Task prompt: Repeat the lines below exactly as written, please, from the line with "(f : pseries K n) : R" to the line with "Definition ps_exp (L", both lines included, and no others.

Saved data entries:
(* Let $r(x)$ and $s(x)$ be $\Sigma_m$-terms whose only variable (if any) is $x$, interpreted in $Q_0$. If $r(q)=s(q)$ for infinitely many rationals $q$, then $r(q)\neq s(q)$ for only finitely many rationals $q$.
   Context: $\Sigma_m=(0,1,+,\cdot,-,{}^{-1})$. $Q_0$ is the field of rational numbers with its usual $0,1,+,\cdot,-$ and with the total inverse defined by $q^{-1}=1/q$ for $q\neq 0$ and $0^{-1}=0$. (In the paper: $r\equiv_\infty s$ means agreement at infinitely many rationals, $r\equiv_{ae} s$ means disagreement at only finitely many rationals, and the claim is $r\equiv_\infty s\Rightarrow r\equiv_{ae} s$.) *)

From HB Require Import structures.
From mathcomp Require Import all_boot all_order all_algebra.
Set Implicit Arguments. Unset Strict Implicit. Unset Printing Implicit Defensive.
Import Order.TTheory GRing.Theory Num.Theory.
Local Open Scope ring_scope.

(* Sigma_m = (0,1,+,*,-,^-1) terms in at most one variable x. *)
Inductive term : Type :=
  | tX : term
  | tZero : term
  | tOne : term
  | tAdd : term -> term -> term
  | tMul : term -> term -> term
  | tNeg : term -> term
  | tInv : term -> term.

(* total inverse on Q: q^-1 = 1/q for q <> 0, 0^-1 = 0 *)
Definition inv0 (q : rat) : rat := if q == 0 then 0 else 1 / q.

Fixpoint eval (t : term) (q : rat) : rat :=
  match t with
  | tX => q
  | tZero => 0
  | tOne => 1
  | tAdd a b => eval a q + eval b q
  | tMul a b => eval a q * eval b q
  | tNeg a => - eval a q
  | tInv a => inv0 (eval a q)
  end.

Definition finite_rat (P : rat -> Prop) : Prop :=
  exists l : seq rat, forall q, P q -> q \in l.

From Pilot Require Import Defs.
From mathcomp Require Import all_boot all_order all_algebra.
From Stdlib Require Import Classical.
Set Implicit Arguments. Unset Strict Implicit. Unset Printing Implicit Defensive.
Import Order.TTheory GRing.Theory Num.Theory.
Local Open Scope ring_scope.

(* Every term t(x) denotes, outside finitely many rationals,
   a rational function p(x)/q(x) with q(x) <> 0 (induction on t; for the
   total inverse one swaps numerator and denominator, discarding the
   finitely many roots of the numerator, or uses the constant 0 when the
   numerator is the zero polynomial).  Two such quotients p1/q1 and p2/q2
   agree exactly at the roots of the cross difference D = p1*q2 - p2*q1.
   If D = 0 the terms agree almost everywhere; otherwise they agree only
   at finitely many points, since a nonzero polynomial has finitely many
   roots. *)

Definition ae (P : rat -> Prop) : Prop :=
  exists l : seq rat, forall x, x \notin l -> P x.

Lemma aeI (P Q : rat -> Prop) : ae P -> ae Q -> ae (fun x => P x /\ Q x).
Proof.
move=> [l1 H1] [l2 H2]; exists (l1 ++ l2) => x.
by rewrite mem_cat negb_or => /andP[/H1 ? /H2 ?].
Qed.

Lemma ae_impl (P Q : rat -> Prop) : ae P -> (forall x, P x -> Q x) -> ae Q.
Proof. by move=> [l H] PQ; exists l => x /H /PQ. Qed.

Lemma ae_finite_compl (P : rat -> Prop) :
  ae P -> finite_rat (fun x => ~ P x).
Proof. by move=> [l H]; exists l => x nPx; apply/negPn/negP => /H. Qed.

Lemma ae_excl_finite (P Q : rat -> Prop) :
  ae P -> (forall x, P x -> ~ Q x) -> finite_rat Q.
Proof.
move=> [l H] PnQ; exists l => x Qx; apply/negPn/negP => /H Px.
exact: PnQ Px Qx.
Qed.

(* A nonzero polynomial over an integral domain has finitely many roots:
   split off one linear factor at a time. *)
Lemma poly_roots_finite (R : idomainType) (p : {poly R}) :
  p != 0 -> exists l : seq R, forall x, root p x -> x \in l.
Proof.
move: {2}(size p) (leqnn (size p)) => n.
elim: n p => [|n IH] p size_p p_neq0.
  by move: p_neq0 size_p; rewrite -size_poly_eq0 leqn0 => /negbTE ->.
have [[a pa] | no_root] := classic (exists a, root p a); last first.
  by exists [::] => x px; case: no_root; exists x.
have [q def_p] := factor_theorem _ _ pa.
have q_neq0 : q != 0 by apply: contraNneq p_neq0 => q0; rewrite def_p q0 mul0r.
have size_q : (size q <= n)%N.
  by move: size_p; rewrite def_p size_mul ?polyXsubC_eq0 // size_XsubC addn2.
have [l Hl] := IH q size_q q_neq0.
exists (a :: l) => x; rewrite def_p rootM root_XsubC in_cons.
by case/orP => [/Hl ->|->]; rewrite ?orbT.
Qed.

Lemma ae_nonroot (p : {poly rat}) : p != 0 -> ae (fun x => p.[x] != 0).
Proof.
move=> /poly_roots_finite[l Hl]; exists l => x.
by apply: contraNneq => px; apply: Hl; apply/eqP.
Qed.

Definition rat_rep (t : term) (p q : {poly rat}) : Prop :=
  ae (fun x => q.[x] != 0 /\ eval t x = p.[x] / q.[x]).

Lemma term_rat_rep (t : term) : exists p q, rat_rep t p q.
Proof.
have const c : exists p q, ae (fun x => q.[x] != 0 /\ c = p.[x] / q.[x]).
  exists c%:P, 1; exists [::] => x _.
  by rewrite !hornerC divr1 oner_neq0.
rewrite /rat_rep; elim: t => /=.
- exists 'X, 1; exists [::] => x _.
  by rewrite hornerX hornerC divr1 oner_neq0.
- exact: const.
- exact: const.
- move=> a [p1 [q1 H1]] b [p2 [q2 H2]].
  exists (p1 * q2 + p2 * q1), (q1 * q2); apply: (ae_impl (aeI H1 H2)).
  move=> x [[n1 ->] [n2 ->]].
  by rewrite hornerD !hornerM mulf_neq0 // addf_div.
- move=> a [p1 [q1 H1]] b [p2 [q2 H2]].
  exists (p1 * p2), (q1 * q2); apply: (ae_impl (aeI H1 H2)).
  move=> x [[n1 ->] [n2 ->]].
  by rewrite !hornerM mulf_neq0 // mulf_div.
- move=> a [p1 [q1 H1]]; exists (- p1), q1; apply: (ae_impl H1).
  by move=> x [n1 ->]; rewrite hornerN mulNr.
- (* Total inverse: 0 if the numerator is the zero polynomial, otherwise
     the reciprocal quotient, away from the roots of the numerator. *)
  move=> a [p1 [q1 H1]].
  have [p1_0 | p1_neq0] := eqVneq p1 0.
    exists 0, 1; apply: (ae_impl H1) => x [_ ->].
    by rewrite p1_0 !horner0 hornerC !mul0r /Defs.inv0 eqxx oner_neq0.
  exists q1, p1; apply: (ae_impl (aeI H1 (ae_nonroot p1_neq0))).
  move=> x [[n1 ->] px]; split=> //.
  by rewrite /Defs.inv0 mulf_eq0 invr_eq0 (negbTE px) (negbTE n1) div1r invf_div.
Qed.

Lemma div_eq_cross (p1 q1 p2 q2 : {poly rat}) (x : rat) :
  q1.[x] != 0 -> q2.[x] != 0 ->
  (p1.[x] / q1.[x] = p2.[x] / q2.[x]) <-> root (p1 * q2 - p2 * q1) x.
Proof.
move=> n1 n2; rewrite rootE !hornerE subr_eq0 -eqr_div //.
exact: (rwP eqP).
Qed.

Theorem theorem3 (r s : term) :
  ~ finite_rat (fun q => eval r q = eval s q) ->
  finite_rat (fun q => eval r q <> eval s q).
Proof.
move=> agree_infinite.
have [p1 [q1 Hr]] := term_rat_rep r; have [p2 [q2 Hs]] := term_rat_rep s.
have [D0 | D_neq0] := eqVneq (p1 * q2 - p2 * q1) 0.
  apply: ae_finite_compl; apply: (ae_impl (aeI Hr Hs)).
  move=> x [[n1 ->] [n2 ->]]; apply/(div_eq_cross _ _ n1 n2).
  by rewrite D0 root0.
case: agree_infinite; apply: ae_excl_finite (aeI (aeI Hr Hs) (ae_nonroot D_neq0)) _.
move=> x [[[n1 ->] [n2 ->]] Dx] /(div_eq_cross _ _ n1 n2) /eqP.
exact/eqP.
Qed.
Definition principal_ideal (R : comPzRingType) (I : pred R) : Prop :=
  exists a : R, forall x, x \in I <-> exists r : R, x = r * a.

(* phi : R -> M represents an element of Hom_R(I,M): it is R-linear on I
   (values outside I are irrelevant). *)
Definition hom_on (R : comPzRingType) (M : lmodType R) (I : pred R)
  (phi : R -> M) : Prop :=
  forall r t s, t \in I -> s \in I -> phi (r * t + s) = r *: phi t + phi s.

Definition in_Z (R : comPzRingType) (M : lmodType R) (I : pred R)
  (phi : R -> M) : Prop :=
  hom_on I phi /\ forall t, t \in I -> exists m : M, phi t = t *: m.

Definition in_B (R : comPzRingType) (M : lmodType R) (I : pred R)
  (phi : R -> M) : Prop :=
  in_Z I phi /\ exists m : M, forall t, t \in I -> phi t = t *: m.

(* H_R(I,M) = Z_R(I,M)/B_R(I,M) = 0, i.e. Z_R(I,M) = B_R(I,M). *)
Definition H_zero (R : comPzRingType) (M : lmodType R) (I : pred R) : Prop :=
  forall phi : R -> M, in_Z I phi -> in_B I phi.

Definition torsion_free (R : idomainType) (M : lmodType R) : Prop :=
  forall (r : R) (m : M), r *: m = 0 -> r = 0 \/ m = 0.

Definition prime_ideal (R : comPzRingType) (P : pred R) : Prop :=
  [/\ is_ideal P, 1 \notin P &
      forall a b, a * b \in P -> a \in P \/ b \in P].

Definition maximal_ideal (R : comPzRingType) (P : pred R) : Prop :=
  [/\ is_ideal P, 1 \notin P &
      forall J : pred R, is_ideal J -> {subset P <= J} ->
        (forall x, x \in J <-> x \in P) \/ (forall x, x \in J)].

Definition noetherian (R : comPzRingType) : Prop :=
  forall I : pred R, is_ideal I ->
    exists s : seq R, forall x, x \in I <->
      exists c : 'I_(size s) -> R, x = \sum_(i < size s) c i * s`_i.

Definition integrally_closed (R : idomainType) : Prop :=
  forall x : {fraction R},
    (exists p : {poly R}, p \is monic /\ root (map_poly (@FracField.tofrac R) p) x) ->
    exists r : R, x = FracField.tofrac r.

Definition dedekind (R : idomainType) : Prop :=
  [/\ noetherian R, integrally_closed R &
      forall P : pred R, prime_ideal P -> (exists x, x \in P /\ x != 0) ->
        maximal_ideal P].

Definition reduced (R : comPzRingType) : Prop :=
  forall (x : R) (n : nat), x ^+ n = 0 -> x = 0.

Definition minimal_prime (R : comPzRingType) (P : pred R) : Prop :=
  prime_ideal P /\
  forall Q : pred R, prime_ideal Q -> {subset Q <= P} -> {subset P <= Q}.

Definition finitely_many_minimal_primes (R : comPzRingType) : Prop :=
  exists (n : nat) (f : 'I_n -> pred R),
    forall P : pred R, minimal_prime P -> exists i, forall x, x \in P <-> x \in f i.

From HB Require Import structures.
From mathcomp Require Import all_boot all_order all_algebra.
From mathcomp Require Import fraction.
From mathcomp Require Import boolp wochoice.
From mathcomp Require Import ring.
Import GRing.Theory.
Local Open Scope ring_scope.
Set Implicit Arguments. Unset Strict Implicit.

(* If [I = aR], a cocycle [phi] is determined by [phi a = a m].  Over a domain
   with [M] torsion-free, one nonzero [a \in I] pins down [m], since
   [a (phi t - t m) = 0].  If [I] has a dual basis [t = sum_i f_i(t) a_i] (it is
   projective), linearity of the [f_i] gives [f_i(t) a_i = t f_i(a_i)], hence
   [phi t = t * sum_i f_i(a_i) m_i]; an invertible ideal ([I I^-1 = R]) has such a
   basis, and in a Dedekind domain every nonzero ideal is invertible by the
   classical argument (Noether's prime products and the determinant trick).  For a
   reduced ring, prime avoidance gives [t \in I] outside the finitely many minimal
   primes not containing [I]; writing [phi t = t r], each [phi s - s r] is killed
   by [t], so it lies in every minimal prime, and these intersect in [0]. *)

Section Ideals.
Variables (R : comPzRingType) (I : pred R).
Hypothesis ideal_I : is_ideal I.

Lemma ideal0 : 0 \in I. Proof. by case: ideal_I. Qed.

Lemma idealD x y : x \in I -> y \in I -> x + y \in I.
Proof. by case: ideal_I => _ + _; apply. Qed.

Lemma idealMl r x : x \in I -> r * x \in I.
Proof. by case: ideal_I => _ _; apply. Qed.

Lemma idealMr x r : x \in I -> x * r \in I.
Proof. by rewrite mulrC; apply: idealMl. Qed.

Lemma idealN x : x \in I -> - x \in I.
Proof. by rewrite -mulN1r; apply: idealMl. Qed.

Lemma idealB x y : x \in I -> y \in I -> x - y \in I.
Proof. by move=> xI /idealN; apply: idealD. Qed.
(* Let $(k,|\cdot|)$ be a complete non-archimedean valued field with $|k^\times| \neq \{1\}$, and let $p$ be a prime number with $|p|=1$. Let $r:=(r_1,\ldots,r_n)$ be a tuple of positive real numbers and $f \in k\{r^{-1}T\}=k\{r_1^{-1}T_1,\ldots,r_n^{-1}T_n\}$. Then for every $a \in \bar{k}$ with $|a|_{\bar{k}} > \|f\|_{k\{r^{-1}T\}}$, the element $f + a \in k\{r^{-1}T\} \otimes_k \bar{k}$ admits a compatible system of $p$-power roots.
   Context: $k\{r^{-1}T\}$ is the Banach $k$-algebra of power series $\sum_{\nu\in\mathbb{Z}_{\ge0}^n} a_\nu T^\nu$ with $a_\nu \in k$ and $|a_\nu| r^\nu \to 0$, normed by $\|\sum a_\nu T^\nu\| = \max_\nu |a_\nu| r^\nu$. $\bar{k}$ is an algebraic closure of $k$ with the unique extension $|\cdot|_{\bar k}$ of the absolute value. A compatible system of $p$-power roots of an element $g$ of a ring $R$ is a sequence $\{g^{1/p^e}\}_{e\ge0}$ in $R$ with $g^{1/p^0}=g$ and $(g^{1/p^{e+1}})^p = g^{1/p^e}$ for all $e$. *)

From HB Require Import structures.
From mathcomp Require Import all_boot all_order all_algebra.
From mathcomp Require Import boolp classical_sets reals.
Set Implicit Arguments. Unset Strict Implicit. Unset Printing Implicit Defensive.
Import Order.TTheory GRing.Theory Num.Theory.
Local Open Scope ring_scope.
Local Open Scope classical_set_scope.

Definition nonarch_abs (R : realType) (K : fieldType) (v : K -> R) : Prop :=
  [/\ forall x, 0 <= v x,
      forall x, v x = 0 <-> x = 0,
      forall x y, v (x * y) = v x * v y
    & forall x y, v (x + y) <= Num.max (v x) (v y)].

Definition complete_abs (R : realType) (K : fieldType) (v : K -> R) : Prop :=
  forall u : nat -> K,
    (forall eps : R, 0 < eps -> exists N, forall m n, (N <= m)%N -> (N <= n)%N ->
        v (u m - u n) < eps) ->
    exists l : K, forall eps : R, 0 < eps -> exists N, forall m, (N <= m)%N ->
        v (u m - l) < eps.

Definition nontrivial_abs (R : realType) (K : fieldType) (v : K -> R) : Prop :=
  exists x : K, x != 0 /\ v x != 1.

Definition multi_index (n : nat) := {ffun 'I_n -> nat}.
Definition pseries (K : Type) (n : nat) := multi_index n -> K.

Definition mi_deg n (nu : multi_index n) : nat := (\sum_(i < n) nu i)%N.
Definition mi_zero n : multi_index n := [ffun => 0%N].

Definition rpow (R : realType) n (r : 'I_n -> R) (nu : multi_index n) : R :=
  \prod_(i < n) r i ^+ nu i.

(* f lies in k{r^{-1}T}: |a_nu| r^nu -> 0 (along the cofinite filter on multi-indices). *)
Definition in_tate (R : realType) (K : fieldType) (v : K -> R) n (r : 'I_n -> R)
    (f : pseries K n) : Prop :=
  forall eps : R, 0 < eps -> exists N : nat, forall nu : multi_index n,
    (N < mi_deg nu)%N -> v (f nu) * rpow r nu < eps.

(* Gauss norm ||f|| = max_nu |a_nu| r^nu (written as the supremum, which is attained). *)
Definition tate_norm (R : realType) (K : fieldType) (v : K -> R) n (r : 'I_n -> R)
    (f : pseries K n) : R :=
  sup [set x : R | exists nu : multi_index n, x = v (f nu) * rpow r nu].

Definition ps_mul (L : comNzRingType) n (x y : pseries L n) : pseries L n :=
  fun nu => \sum_(mu : {ffun 'I_n -> 'I_(mi_deg nu).+1} | [forall i, (mu i <= nu i)%N])
      x [ffun i => nat_of_ord (mu i)] * y [ffun i => (nu i - mu i)%N].

Definition ps_one (L : comNzRingType) n : pseries L n :=
  fun nu => if nu == mi_zero n then 1 else 0.

Definition ps_exp (L : comNzRingType) n (x : pseries L n) (m : nat) : pseries L n :=
  iter m (ps_mul x) (@ps_one L n).
Section Prob.
Context {d : measure_display} {T : measurableType d} {R : realType}.
Variable P : probability T R.

Definition Linfty (X : T -> R) : Prop :=
  measurable_fun setT X /\ exists M : R, {ae P, forall w, `|X w| <= M}.

Definition mu (U : R -> R) (g : R) (X : T -> R) : \bar R :=
  (- ((g^-1)%:E * Uinv U ('E_P[fun w => U (g * X w)%R])))%E.

Definition scale_aversion_regular (U : R -> R) : Prop :=
  forall X : T -> R, Linfty X ->
  forall g1 g2 : R, 0 < g1 -> g1 <= g2 -> (mu U g1 X <= mu U g2 X)%E.

Definition alpha (U : R -> R) (X : T -> R) : \bar R :=
  Order.max 0%E (ereal_sup [set (g%:E) | g in [set g : R | 0 < g /\ (mu U g X <= 0)%E]]).
End Prob.

(* Write A(X) = {g > 0 | mu_g(X) <= 0}, so that alpha(X) = sup A(X); scale aversion
   regularity makes A(X) an initial segment of (0, +oo).  For bounded X, E[U(gX)] is a
   certainty equivalent U(c), hence g is in A(X) iff E[U(gX)] >= U(0).  Monotonicity,
   law invariance and consistency with second order dominance are then inherited from
   g |-> E[U(gX)], quasi-concavity from the concavity of U, and the Fatou property from
   Fatou's lemma for the nonnegative B - U(gX_n), B an upper bound of U.
   Concavity puts U below its tangent U(0) + U'(0) y with U'(0) > 0, so
   E[U(gX)] <= U(0) + U'(0) g E[X] < U(0) for every g when E[X] < 0; and if
   P(X < -c) = p > 0 then E[U(gX)] <= B + (U(-gc) - B) p < U(0) for g large, so
   alpha(X) is finite.  When E[X] > 0, differentiability at 0 gives
   U(gX) >= U(0) + U'(0) g X - eps g |X| uniformly on the essential range of X once g
   is small, whence E[U(gX)] > U(0) and alpha(X) > 0. *)

From HB Require Import structures.
From mathcomp Require Import all_boot all_order all_algebra.
From mathcomp Require Import all_classical all_reals all_analysis.
From mathcomp Require Import measurable_realfun.
From mathcomp Require Import ring lra.
Import Order.TTheory GRing.Theory Num.Theory.
Import numFieldNormedType.Exports.
Local Open Scope classical_set_scope.
Local Open Scope ring_scope.
Lemma exists_samples_estimator (del : R) (K : nat) : 0 < del ->
  exists g : nat -> T,
    \sum_i \prod_(k < K) (2 - u i (g k)) <= (1 + eps + del) ^+ K * #|I|%:R.
Proof.
move=> del0; elim: K => [|K [g hg]].
  have [t0] := probability_inhabited.
  exists (fun _ => t0); rewrite expr0 mul1r.
  by under eq_bigr do rewrite big_ord0; rewrite sumr_const.
have w0 i : 0 <= \prod_(k < K) (2 - u i (g k)).
  by apply: prodr_ge0 => k _; case/andP: (u01 i (g k)) => _; lra.
have [t ht] := exists_weighted_step w0 del0.
exists (fun k => if k == K then t else g k).
have -> : \sum_i \prod_(k < K.+1) (2 - u i (if k == K :> nat then t else g k)) =
          \sum_i \prod_(k < K) (2 - u i (g k)) * (2 - u i t).
  apply: eq_bigr => i _; rewrite big_ord_recr /= eqxx; congr (_ * _).
  by apply: eq_bigr => k _; rewrite ltn_eqF.
apply: le_trans ht _; rewrite exprS -mulrA ler_wpM2l //.
by rewrite !addr_ge0 // ltW.
Qed.

Lemma exists_samples_average (a del : R) (K : nat) : 0 < del ->
  #|I|%:R * (1 + eps + del) ^+ K < expR (K%:R * a * ln 2) ->
  exists g : nat -> T, forall i, K%:R * (1 - a) <= \sum_(k < K) u i (g k).
Proof.
move=> del0 hslack; have [g hg] := exists_samples_estimator K del0.
have wge0 i k : 0 <= 2 - u i (g k) by case/andP: (u01 i (g k)) => _; lra.
exists g => i; rewrite leNgt; apply/negP => hlt.
have miss : K%:R * a <= \sum_(k < K) (1 - u i (g k)).
  by rewrite sumrB sumr_const card_ord; lra.
have : expR (K%:R * a * ln 2) <= \prod_(k < K) (2 - u i (g k)).
  have -> : \prod_(k < K) (2 - u i (g k)) = \prod_(k < K) (1 + (1 - u i (g k))).
    by apply: eq_bigr => k _; ring.
  apply: le_trans (expR_ln2_sum_le_prod _); last first.
    by move=> k; case/andP: (u01 i (g k)) => ? ?; apply/andP; split; lra.
  by rewrite ler_expR ler_wpM2r // ln_ge0 // ler1n.
have est : \prod_(k < K) (2 - u i (g k)) <= \sum_i \prod_(k < K) (2 - u i (g k)).
  by rewrite (bigD1 i) //= lerDl sumr_ge0 // => j _; apply: prodr_ge0.
move=> /le_trans/(_ (le_trans est hg)); rewrite [_ * #|I|%:R]mulrC => h.
by have := lt_le_trans hslack h; rewrite ltxx.
Qed.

Solution to this task:
    (f : pseries K n) : R :=
  sup [set x : R | exists nu : multi_index n, x = v (f nu) * rpow r nu].

Definition ps_mul (L : comNzRingType) n (x y : pseries L n) : pseries L n :=
  fun nu => \sum_(mu : {ffun 'I_n -> 'I_(mi_deg nu).+1} | [forall i, (mu i <= nu i)%N])
      x [ffun i => nat_of_ord (mu i)] * y [ffun i => (nu i - mu i)%N].

Definition ps_one (L : comNzRingType) n : pseries L n :=
  fun nu => if nu == mi_zero n then 1 else 0.

Definition ps_exp (L : comNzRingType) n (x : pseries L n) (m : nat) : pseries L n :=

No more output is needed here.